> _Work order_
Copy out, from the entries below, each line holding the string "that".
** Source records follows **
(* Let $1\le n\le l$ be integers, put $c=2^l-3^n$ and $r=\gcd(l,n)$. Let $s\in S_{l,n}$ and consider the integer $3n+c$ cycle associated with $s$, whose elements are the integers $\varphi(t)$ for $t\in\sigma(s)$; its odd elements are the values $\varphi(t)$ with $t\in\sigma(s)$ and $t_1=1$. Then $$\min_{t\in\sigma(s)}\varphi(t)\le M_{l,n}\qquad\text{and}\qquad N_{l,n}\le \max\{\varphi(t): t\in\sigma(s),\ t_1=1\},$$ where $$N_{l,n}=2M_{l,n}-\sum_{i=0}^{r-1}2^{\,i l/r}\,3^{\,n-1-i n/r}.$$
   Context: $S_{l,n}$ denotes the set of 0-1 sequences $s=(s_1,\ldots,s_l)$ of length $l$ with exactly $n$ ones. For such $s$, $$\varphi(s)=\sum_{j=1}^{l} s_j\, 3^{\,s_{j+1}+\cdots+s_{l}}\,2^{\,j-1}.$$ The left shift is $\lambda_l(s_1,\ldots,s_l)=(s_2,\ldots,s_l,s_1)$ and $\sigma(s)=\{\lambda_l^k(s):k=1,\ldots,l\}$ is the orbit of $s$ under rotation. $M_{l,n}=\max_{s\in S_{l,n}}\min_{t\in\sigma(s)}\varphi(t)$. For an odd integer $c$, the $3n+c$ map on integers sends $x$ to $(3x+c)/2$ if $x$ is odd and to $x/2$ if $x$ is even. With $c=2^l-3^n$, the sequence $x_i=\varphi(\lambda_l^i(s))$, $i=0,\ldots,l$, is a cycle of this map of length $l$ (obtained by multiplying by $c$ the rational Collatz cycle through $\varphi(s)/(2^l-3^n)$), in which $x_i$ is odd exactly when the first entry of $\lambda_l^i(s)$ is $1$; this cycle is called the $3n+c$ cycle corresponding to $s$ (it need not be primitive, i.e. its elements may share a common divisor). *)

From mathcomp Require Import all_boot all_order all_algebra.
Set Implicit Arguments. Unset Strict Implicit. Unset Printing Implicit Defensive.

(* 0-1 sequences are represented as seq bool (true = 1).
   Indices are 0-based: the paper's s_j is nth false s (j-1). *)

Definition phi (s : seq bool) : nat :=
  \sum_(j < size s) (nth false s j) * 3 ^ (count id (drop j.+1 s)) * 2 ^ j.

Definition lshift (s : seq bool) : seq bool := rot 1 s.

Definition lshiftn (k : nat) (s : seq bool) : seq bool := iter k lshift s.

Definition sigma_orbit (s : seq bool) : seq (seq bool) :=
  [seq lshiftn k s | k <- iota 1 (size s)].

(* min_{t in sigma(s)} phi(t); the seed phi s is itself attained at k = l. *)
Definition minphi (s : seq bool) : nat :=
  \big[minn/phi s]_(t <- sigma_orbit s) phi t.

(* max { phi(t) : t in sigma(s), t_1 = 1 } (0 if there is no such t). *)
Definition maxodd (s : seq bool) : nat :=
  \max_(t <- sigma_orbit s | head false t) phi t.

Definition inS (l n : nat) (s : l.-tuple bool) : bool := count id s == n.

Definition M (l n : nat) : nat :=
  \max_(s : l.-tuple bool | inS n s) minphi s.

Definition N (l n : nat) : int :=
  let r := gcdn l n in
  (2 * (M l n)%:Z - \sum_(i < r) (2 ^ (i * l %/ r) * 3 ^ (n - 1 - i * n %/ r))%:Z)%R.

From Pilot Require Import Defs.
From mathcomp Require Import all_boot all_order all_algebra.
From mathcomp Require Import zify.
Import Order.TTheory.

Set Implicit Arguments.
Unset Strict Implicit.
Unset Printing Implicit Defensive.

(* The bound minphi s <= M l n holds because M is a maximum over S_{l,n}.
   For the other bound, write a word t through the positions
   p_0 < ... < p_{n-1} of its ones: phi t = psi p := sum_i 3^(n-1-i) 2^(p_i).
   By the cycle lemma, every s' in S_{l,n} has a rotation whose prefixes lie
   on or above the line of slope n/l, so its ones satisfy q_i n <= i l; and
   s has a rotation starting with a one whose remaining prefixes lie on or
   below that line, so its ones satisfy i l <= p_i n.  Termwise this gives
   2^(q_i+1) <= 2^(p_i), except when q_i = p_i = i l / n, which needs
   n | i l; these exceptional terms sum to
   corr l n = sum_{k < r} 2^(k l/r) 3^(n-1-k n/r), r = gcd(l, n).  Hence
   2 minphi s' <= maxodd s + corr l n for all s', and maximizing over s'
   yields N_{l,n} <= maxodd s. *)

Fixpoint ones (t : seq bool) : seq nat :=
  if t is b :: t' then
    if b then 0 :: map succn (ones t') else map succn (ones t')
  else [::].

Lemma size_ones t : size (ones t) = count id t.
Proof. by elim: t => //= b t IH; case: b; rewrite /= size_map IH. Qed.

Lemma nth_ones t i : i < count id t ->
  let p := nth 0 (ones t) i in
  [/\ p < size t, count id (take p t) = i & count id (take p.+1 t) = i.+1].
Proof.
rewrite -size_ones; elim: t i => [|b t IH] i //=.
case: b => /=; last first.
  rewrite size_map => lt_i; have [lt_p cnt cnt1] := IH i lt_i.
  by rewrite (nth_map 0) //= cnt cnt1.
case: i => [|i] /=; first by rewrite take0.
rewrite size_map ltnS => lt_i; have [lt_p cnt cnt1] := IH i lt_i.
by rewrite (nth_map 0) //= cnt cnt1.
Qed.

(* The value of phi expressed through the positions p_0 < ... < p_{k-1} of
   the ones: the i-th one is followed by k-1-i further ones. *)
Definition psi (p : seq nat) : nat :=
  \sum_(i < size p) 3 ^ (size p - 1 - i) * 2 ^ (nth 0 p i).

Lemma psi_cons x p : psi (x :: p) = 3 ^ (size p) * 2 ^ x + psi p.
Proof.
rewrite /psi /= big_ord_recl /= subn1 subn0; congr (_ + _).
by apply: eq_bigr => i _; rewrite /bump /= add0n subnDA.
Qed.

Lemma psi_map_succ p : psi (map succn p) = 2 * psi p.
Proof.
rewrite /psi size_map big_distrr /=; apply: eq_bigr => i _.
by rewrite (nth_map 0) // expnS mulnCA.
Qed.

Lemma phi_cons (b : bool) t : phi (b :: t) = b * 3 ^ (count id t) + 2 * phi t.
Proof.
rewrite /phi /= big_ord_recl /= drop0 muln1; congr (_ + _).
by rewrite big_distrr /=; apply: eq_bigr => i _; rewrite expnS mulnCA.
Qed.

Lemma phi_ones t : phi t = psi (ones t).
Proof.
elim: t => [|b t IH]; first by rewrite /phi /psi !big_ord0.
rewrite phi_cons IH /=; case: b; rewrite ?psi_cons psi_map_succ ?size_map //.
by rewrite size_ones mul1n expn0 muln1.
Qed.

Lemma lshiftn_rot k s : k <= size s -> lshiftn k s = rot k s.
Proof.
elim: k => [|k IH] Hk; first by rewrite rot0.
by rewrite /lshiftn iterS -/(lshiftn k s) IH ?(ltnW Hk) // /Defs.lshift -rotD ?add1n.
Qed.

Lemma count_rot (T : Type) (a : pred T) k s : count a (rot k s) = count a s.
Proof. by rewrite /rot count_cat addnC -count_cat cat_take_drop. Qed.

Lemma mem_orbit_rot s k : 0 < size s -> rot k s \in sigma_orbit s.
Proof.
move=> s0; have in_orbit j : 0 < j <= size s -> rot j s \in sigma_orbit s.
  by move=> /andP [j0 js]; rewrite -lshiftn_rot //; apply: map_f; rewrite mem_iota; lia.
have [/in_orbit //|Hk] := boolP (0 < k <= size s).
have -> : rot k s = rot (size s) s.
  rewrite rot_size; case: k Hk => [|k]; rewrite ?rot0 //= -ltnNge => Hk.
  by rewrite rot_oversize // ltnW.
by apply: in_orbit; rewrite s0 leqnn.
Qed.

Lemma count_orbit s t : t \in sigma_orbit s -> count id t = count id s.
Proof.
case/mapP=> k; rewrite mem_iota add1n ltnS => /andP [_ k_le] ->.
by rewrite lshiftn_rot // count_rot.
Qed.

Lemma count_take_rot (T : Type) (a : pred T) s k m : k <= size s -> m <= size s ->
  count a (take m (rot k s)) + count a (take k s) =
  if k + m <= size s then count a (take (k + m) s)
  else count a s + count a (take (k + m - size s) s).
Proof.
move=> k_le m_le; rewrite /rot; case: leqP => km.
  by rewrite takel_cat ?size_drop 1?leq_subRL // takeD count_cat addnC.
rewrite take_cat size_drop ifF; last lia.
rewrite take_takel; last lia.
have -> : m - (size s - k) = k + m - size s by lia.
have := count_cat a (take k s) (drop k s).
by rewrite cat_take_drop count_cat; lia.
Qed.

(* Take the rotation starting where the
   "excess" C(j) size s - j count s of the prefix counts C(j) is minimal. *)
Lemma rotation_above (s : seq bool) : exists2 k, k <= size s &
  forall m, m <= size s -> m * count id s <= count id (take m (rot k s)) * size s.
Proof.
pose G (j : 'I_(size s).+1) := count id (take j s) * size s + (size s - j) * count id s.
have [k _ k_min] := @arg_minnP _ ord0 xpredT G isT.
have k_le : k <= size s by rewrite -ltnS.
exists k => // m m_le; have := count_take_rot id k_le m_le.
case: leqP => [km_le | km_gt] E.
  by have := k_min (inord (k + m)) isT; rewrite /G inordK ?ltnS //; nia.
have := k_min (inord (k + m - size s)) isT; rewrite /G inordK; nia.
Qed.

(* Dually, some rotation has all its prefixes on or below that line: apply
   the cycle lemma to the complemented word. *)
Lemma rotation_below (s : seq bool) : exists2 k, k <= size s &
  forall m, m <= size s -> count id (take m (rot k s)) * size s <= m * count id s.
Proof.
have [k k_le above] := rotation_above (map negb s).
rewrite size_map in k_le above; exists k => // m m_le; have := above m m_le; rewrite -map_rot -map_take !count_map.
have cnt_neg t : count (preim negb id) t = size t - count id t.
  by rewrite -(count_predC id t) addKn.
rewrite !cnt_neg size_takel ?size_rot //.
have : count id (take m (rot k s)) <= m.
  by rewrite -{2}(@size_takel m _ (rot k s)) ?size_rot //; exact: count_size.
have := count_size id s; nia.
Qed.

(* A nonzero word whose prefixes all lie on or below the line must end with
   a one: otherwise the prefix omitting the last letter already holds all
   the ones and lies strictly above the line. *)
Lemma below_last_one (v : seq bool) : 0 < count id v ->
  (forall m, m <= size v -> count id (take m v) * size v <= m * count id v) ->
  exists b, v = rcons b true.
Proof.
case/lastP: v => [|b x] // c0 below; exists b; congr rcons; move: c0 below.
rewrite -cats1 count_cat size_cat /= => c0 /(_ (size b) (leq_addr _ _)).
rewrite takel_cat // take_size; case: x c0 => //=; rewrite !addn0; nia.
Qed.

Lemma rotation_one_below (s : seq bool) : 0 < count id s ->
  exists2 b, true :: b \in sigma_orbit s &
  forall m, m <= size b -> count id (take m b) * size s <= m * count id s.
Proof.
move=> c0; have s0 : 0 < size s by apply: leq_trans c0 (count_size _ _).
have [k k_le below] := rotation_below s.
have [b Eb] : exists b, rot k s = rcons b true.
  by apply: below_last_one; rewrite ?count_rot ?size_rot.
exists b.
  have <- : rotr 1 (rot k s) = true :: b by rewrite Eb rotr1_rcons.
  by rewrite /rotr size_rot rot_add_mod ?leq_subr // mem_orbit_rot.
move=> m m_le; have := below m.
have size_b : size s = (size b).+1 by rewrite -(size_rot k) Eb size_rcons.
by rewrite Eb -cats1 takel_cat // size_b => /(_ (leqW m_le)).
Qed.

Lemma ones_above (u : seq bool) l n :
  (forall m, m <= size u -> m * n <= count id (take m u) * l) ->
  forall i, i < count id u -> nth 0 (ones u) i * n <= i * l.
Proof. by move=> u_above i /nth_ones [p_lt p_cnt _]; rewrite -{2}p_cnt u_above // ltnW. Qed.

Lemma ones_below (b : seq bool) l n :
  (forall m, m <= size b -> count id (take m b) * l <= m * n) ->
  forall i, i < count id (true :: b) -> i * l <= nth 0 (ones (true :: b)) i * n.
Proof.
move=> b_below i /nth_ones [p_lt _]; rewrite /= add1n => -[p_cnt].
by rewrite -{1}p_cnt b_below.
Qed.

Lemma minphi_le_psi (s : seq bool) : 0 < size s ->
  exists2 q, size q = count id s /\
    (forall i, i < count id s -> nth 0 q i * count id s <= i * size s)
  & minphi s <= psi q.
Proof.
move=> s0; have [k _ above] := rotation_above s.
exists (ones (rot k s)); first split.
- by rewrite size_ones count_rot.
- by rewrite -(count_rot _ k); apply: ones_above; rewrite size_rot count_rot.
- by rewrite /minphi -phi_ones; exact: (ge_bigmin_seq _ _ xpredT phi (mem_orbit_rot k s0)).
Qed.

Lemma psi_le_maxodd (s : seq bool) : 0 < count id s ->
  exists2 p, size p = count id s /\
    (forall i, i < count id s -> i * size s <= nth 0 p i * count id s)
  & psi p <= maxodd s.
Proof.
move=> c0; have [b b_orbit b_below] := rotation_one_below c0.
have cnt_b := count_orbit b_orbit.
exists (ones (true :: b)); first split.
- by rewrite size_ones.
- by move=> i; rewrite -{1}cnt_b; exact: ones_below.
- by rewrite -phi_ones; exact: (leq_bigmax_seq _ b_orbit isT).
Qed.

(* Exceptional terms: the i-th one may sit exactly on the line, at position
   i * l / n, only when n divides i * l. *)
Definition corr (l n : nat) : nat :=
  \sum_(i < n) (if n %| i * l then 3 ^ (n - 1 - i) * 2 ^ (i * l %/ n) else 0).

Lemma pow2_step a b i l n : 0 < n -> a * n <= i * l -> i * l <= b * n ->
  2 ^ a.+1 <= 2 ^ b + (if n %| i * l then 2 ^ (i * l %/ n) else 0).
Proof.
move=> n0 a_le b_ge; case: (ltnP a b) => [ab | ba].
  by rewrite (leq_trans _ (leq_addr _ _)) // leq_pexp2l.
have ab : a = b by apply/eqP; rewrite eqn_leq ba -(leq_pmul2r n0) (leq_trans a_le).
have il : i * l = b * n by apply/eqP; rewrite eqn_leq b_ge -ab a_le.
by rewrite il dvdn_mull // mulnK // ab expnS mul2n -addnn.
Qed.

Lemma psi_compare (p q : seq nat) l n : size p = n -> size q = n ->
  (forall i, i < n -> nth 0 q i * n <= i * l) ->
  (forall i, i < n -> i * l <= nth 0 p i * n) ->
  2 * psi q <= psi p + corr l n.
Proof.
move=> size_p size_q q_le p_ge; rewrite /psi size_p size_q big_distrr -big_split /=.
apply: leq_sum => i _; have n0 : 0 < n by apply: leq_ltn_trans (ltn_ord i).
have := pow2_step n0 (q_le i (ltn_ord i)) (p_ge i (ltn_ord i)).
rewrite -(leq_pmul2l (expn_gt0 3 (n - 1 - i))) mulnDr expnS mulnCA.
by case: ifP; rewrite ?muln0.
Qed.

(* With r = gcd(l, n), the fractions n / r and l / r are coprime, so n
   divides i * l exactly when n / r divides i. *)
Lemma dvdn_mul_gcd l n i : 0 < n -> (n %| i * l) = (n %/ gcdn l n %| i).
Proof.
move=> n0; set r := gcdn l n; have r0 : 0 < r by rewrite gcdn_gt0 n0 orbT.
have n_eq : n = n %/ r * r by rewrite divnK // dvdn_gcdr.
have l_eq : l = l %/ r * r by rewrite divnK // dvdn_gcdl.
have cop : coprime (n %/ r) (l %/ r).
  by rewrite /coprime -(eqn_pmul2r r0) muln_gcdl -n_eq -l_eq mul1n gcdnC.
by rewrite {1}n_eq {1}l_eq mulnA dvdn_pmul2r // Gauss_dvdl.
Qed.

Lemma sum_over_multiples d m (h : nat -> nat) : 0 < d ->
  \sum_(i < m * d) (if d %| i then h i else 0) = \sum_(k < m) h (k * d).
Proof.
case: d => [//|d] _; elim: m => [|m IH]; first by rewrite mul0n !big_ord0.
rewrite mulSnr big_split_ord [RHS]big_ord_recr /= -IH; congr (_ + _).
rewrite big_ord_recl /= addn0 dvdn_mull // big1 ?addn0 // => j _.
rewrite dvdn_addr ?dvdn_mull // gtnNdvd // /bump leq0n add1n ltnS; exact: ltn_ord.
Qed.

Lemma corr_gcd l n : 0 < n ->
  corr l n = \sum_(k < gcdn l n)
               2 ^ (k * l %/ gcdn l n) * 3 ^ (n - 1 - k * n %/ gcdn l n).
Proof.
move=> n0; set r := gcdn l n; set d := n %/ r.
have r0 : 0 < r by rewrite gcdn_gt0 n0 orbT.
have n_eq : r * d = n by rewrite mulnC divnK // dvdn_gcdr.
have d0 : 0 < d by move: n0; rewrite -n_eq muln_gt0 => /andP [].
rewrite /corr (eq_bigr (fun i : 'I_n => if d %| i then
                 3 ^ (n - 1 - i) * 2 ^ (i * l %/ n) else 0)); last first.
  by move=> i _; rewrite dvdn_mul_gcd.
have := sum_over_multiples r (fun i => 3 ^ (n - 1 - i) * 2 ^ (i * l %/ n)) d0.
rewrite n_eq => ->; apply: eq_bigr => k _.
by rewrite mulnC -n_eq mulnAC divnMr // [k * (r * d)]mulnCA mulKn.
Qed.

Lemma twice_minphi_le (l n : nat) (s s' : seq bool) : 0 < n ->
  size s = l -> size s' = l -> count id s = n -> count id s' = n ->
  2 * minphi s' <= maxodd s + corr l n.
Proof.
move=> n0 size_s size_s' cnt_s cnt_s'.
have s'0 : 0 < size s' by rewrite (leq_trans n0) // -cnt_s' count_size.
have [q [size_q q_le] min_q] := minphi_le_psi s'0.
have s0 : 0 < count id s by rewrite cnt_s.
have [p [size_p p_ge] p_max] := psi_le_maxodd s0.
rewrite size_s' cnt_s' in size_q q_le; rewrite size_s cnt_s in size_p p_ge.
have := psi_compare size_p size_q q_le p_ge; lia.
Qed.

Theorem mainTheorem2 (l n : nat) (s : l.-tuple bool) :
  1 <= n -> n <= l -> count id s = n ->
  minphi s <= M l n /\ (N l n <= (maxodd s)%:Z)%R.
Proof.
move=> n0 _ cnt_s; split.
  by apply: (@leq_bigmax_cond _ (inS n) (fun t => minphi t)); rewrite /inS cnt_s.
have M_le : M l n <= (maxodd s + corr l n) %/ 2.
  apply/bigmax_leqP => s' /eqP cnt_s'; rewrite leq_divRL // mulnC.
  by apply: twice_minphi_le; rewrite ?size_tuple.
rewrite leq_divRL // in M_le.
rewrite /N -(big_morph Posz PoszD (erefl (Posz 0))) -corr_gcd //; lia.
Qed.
** End of Source records **
** Source records follows **
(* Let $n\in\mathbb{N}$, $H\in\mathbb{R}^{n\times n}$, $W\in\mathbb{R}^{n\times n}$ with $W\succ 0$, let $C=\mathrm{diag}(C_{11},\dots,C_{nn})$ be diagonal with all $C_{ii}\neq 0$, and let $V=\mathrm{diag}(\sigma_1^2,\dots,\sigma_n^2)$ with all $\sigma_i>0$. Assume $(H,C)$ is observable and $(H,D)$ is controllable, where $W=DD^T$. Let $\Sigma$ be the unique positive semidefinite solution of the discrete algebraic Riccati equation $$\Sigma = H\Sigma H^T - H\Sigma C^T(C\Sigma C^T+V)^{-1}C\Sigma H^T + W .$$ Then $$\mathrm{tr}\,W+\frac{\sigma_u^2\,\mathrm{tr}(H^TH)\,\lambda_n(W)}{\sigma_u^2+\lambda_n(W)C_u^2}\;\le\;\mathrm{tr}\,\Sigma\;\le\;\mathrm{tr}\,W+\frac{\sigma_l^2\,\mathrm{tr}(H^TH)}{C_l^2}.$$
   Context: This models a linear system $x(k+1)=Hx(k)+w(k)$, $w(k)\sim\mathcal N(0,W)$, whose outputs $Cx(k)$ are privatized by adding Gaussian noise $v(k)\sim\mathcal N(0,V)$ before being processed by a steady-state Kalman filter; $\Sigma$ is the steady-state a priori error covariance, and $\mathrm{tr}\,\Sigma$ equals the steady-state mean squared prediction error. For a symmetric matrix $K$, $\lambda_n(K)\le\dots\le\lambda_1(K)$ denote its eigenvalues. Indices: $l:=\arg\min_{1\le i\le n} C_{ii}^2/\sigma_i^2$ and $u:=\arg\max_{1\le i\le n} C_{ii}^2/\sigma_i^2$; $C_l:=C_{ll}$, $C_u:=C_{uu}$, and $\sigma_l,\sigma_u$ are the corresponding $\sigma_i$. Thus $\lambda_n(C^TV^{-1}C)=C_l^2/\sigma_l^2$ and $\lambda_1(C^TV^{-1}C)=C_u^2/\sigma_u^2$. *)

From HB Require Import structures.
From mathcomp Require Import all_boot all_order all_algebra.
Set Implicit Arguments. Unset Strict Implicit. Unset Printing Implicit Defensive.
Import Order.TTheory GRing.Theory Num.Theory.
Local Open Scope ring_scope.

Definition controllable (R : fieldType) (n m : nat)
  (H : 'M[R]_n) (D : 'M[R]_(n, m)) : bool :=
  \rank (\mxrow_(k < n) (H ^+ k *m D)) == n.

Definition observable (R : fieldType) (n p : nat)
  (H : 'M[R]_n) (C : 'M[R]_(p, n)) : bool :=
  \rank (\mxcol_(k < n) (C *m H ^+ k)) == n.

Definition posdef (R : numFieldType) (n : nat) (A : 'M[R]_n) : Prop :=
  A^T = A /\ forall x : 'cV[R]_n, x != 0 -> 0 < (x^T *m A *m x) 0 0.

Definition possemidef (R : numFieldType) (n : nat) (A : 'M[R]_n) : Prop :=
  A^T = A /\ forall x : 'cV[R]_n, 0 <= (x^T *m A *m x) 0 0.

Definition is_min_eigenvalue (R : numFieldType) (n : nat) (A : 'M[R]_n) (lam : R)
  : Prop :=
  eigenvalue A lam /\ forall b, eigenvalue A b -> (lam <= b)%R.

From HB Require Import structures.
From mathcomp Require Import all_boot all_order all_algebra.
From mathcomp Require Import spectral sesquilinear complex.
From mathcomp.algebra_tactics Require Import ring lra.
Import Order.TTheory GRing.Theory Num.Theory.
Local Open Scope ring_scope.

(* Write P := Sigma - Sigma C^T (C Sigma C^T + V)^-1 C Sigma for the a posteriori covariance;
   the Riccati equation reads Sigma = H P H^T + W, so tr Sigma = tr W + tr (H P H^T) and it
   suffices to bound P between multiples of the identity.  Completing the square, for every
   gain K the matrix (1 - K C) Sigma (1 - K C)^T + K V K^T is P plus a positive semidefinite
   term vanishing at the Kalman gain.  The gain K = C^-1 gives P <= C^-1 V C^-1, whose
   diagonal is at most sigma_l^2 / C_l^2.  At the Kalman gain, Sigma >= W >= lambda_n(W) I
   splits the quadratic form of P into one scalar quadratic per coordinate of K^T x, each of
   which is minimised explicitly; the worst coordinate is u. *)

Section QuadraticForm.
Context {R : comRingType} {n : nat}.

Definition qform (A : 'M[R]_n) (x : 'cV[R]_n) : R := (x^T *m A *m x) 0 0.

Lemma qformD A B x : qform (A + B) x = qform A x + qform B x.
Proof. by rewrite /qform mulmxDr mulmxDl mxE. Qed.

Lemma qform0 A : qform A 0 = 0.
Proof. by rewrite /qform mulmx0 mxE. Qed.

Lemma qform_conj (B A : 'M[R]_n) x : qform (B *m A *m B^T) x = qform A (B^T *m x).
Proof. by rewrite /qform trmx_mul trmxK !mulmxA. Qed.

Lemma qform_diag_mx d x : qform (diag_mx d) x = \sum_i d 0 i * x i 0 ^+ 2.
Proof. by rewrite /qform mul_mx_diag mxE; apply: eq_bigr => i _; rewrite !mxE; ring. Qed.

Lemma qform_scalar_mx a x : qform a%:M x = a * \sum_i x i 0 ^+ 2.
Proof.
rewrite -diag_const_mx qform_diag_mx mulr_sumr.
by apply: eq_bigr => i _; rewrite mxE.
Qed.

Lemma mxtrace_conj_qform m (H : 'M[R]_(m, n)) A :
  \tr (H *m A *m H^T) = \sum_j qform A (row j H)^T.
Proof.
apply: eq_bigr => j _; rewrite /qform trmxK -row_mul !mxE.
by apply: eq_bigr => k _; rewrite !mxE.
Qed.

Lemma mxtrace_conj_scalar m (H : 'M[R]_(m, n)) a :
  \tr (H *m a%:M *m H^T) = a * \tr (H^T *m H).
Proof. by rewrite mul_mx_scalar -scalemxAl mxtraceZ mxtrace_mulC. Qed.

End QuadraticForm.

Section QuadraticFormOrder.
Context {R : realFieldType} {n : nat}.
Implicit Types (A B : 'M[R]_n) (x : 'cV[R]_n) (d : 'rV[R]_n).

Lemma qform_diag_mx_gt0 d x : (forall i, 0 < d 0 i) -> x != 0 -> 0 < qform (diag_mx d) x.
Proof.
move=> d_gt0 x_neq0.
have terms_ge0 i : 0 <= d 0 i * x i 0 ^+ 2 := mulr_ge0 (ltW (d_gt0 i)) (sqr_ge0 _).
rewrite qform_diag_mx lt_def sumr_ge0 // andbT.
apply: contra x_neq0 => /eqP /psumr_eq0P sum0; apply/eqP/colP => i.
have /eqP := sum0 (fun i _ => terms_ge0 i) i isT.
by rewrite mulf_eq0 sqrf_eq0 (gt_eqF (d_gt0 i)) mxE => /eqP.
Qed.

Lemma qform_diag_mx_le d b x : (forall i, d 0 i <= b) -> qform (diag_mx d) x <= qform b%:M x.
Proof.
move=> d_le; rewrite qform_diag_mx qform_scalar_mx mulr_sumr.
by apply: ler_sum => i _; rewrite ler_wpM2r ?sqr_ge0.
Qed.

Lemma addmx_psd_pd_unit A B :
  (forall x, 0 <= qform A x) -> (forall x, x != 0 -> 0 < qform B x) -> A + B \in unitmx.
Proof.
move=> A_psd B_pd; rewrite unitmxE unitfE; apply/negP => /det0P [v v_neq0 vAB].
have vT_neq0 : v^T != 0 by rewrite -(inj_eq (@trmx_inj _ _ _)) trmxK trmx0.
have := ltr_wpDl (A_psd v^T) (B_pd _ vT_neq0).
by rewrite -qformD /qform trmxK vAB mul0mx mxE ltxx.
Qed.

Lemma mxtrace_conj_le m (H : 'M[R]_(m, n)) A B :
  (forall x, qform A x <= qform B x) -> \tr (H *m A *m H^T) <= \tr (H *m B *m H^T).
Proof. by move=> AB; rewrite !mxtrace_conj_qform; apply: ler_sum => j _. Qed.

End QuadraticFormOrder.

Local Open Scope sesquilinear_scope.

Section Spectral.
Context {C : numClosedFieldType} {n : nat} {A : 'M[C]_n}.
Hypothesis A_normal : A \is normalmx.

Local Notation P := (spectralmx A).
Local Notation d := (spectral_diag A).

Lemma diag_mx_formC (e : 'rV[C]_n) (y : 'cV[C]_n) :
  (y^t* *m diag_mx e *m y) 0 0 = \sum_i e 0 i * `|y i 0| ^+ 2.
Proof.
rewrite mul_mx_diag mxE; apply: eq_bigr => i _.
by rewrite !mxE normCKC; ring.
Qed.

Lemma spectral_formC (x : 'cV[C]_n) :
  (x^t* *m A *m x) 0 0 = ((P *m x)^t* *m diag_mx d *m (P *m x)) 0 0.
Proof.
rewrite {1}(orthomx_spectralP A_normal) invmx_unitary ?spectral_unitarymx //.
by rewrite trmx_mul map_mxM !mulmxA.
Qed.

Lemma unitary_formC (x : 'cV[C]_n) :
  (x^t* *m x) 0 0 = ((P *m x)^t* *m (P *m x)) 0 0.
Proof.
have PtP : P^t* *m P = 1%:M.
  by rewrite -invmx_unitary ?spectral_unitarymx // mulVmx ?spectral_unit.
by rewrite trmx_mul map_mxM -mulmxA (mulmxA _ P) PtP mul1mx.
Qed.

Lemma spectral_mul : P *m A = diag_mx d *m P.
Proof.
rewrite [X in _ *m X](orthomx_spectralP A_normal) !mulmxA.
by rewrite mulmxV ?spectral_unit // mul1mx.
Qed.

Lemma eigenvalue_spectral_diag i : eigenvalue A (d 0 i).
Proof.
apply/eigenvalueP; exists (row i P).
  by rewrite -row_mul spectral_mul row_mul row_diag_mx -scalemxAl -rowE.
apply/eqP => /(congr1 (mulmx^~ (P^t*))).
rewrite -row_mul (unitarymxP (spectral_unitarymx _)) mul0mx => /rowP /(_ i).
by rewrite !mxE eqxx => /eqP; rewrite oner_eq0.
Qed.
** End of Source records **
> _Written response_
   below that line, so its ones satisfy i l <= p_i n.  Termwise this gives
(* Dually, some rotation has all its prefixes on or below that line: apply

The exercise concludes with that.